Records for the exercise section start

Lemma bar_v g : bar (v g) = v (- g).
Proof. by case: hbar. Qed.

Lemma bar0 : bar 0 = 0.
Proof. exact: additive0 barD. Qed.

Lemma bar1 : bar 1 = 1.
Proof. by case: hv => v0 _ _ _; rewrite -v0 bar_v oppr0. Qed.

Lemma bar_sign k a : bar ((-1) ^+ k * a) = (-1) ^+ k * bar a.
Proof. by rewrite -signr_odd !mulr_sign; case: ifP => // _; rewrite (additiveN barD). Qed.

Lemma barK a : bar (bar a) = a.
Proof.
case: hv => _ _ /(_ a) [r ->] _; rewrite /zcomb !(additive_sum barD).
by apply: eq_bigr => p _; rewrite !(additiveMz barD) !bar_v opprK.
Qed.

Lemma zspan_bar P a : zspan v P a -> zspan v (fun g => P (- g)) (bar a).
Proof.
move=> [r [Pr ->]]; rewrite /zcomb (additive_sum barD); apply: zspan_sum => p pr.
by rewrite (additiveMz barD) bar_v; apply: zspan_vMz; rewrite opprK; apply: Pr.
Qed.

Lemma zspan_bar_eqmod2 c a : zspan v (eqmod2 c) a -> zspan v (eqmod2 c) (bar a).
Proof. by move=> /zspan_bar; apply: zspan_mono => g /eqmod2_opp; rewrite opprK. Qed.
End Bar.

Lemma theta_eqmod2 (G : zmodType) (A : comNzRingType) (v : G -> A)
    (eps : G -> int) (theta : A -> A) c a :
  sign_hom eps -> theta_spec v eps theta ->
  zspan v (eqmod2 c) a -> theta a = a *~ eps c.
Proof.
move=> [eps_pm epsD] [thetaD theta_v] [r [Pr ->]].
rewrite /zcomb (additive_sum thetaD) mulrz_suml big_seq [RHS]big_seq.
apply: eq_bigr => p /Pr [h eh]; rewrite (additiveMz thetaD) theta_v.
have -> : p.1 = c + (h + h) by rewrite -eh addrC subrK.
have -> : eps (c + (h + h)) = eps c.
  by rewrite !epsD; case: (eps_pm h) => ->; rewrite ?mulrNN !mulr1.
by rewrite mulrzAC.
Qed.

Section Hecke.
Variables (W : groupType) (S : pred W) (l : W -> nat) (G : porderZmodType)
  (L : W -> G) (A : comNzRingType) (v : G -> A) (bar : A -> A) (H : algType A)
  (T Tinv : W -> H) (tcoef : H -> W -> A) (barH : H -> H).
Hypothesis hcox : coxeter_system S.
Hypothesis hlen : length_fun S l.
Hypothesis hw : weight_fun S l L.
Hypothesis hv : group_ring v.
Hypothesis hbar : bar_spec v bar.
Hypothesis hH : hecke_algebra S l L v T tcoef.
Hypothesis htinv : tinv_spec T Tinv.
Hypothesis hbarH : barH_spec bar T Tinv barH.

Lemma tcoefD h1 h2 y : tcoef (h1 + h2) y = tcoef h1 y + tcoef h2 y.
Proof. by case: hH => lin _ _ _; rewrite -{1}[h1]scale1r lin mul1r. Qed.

Records for the exercise section end

▶ _What you are asked to do_
Check each line of the entries for "tcoef" and copy those that have it.

▶ _Task solution_
  (T Tinv : W -> H) (tcoef : H -> W -> A) (barH : H -> H).
Hypothesis hH : hecke_algebra S l L v T tcoef.
Lemma tcoefD h1 h2 y : tcoef (h1 + h2) y = tcoef h1 y + tcoef h2 y.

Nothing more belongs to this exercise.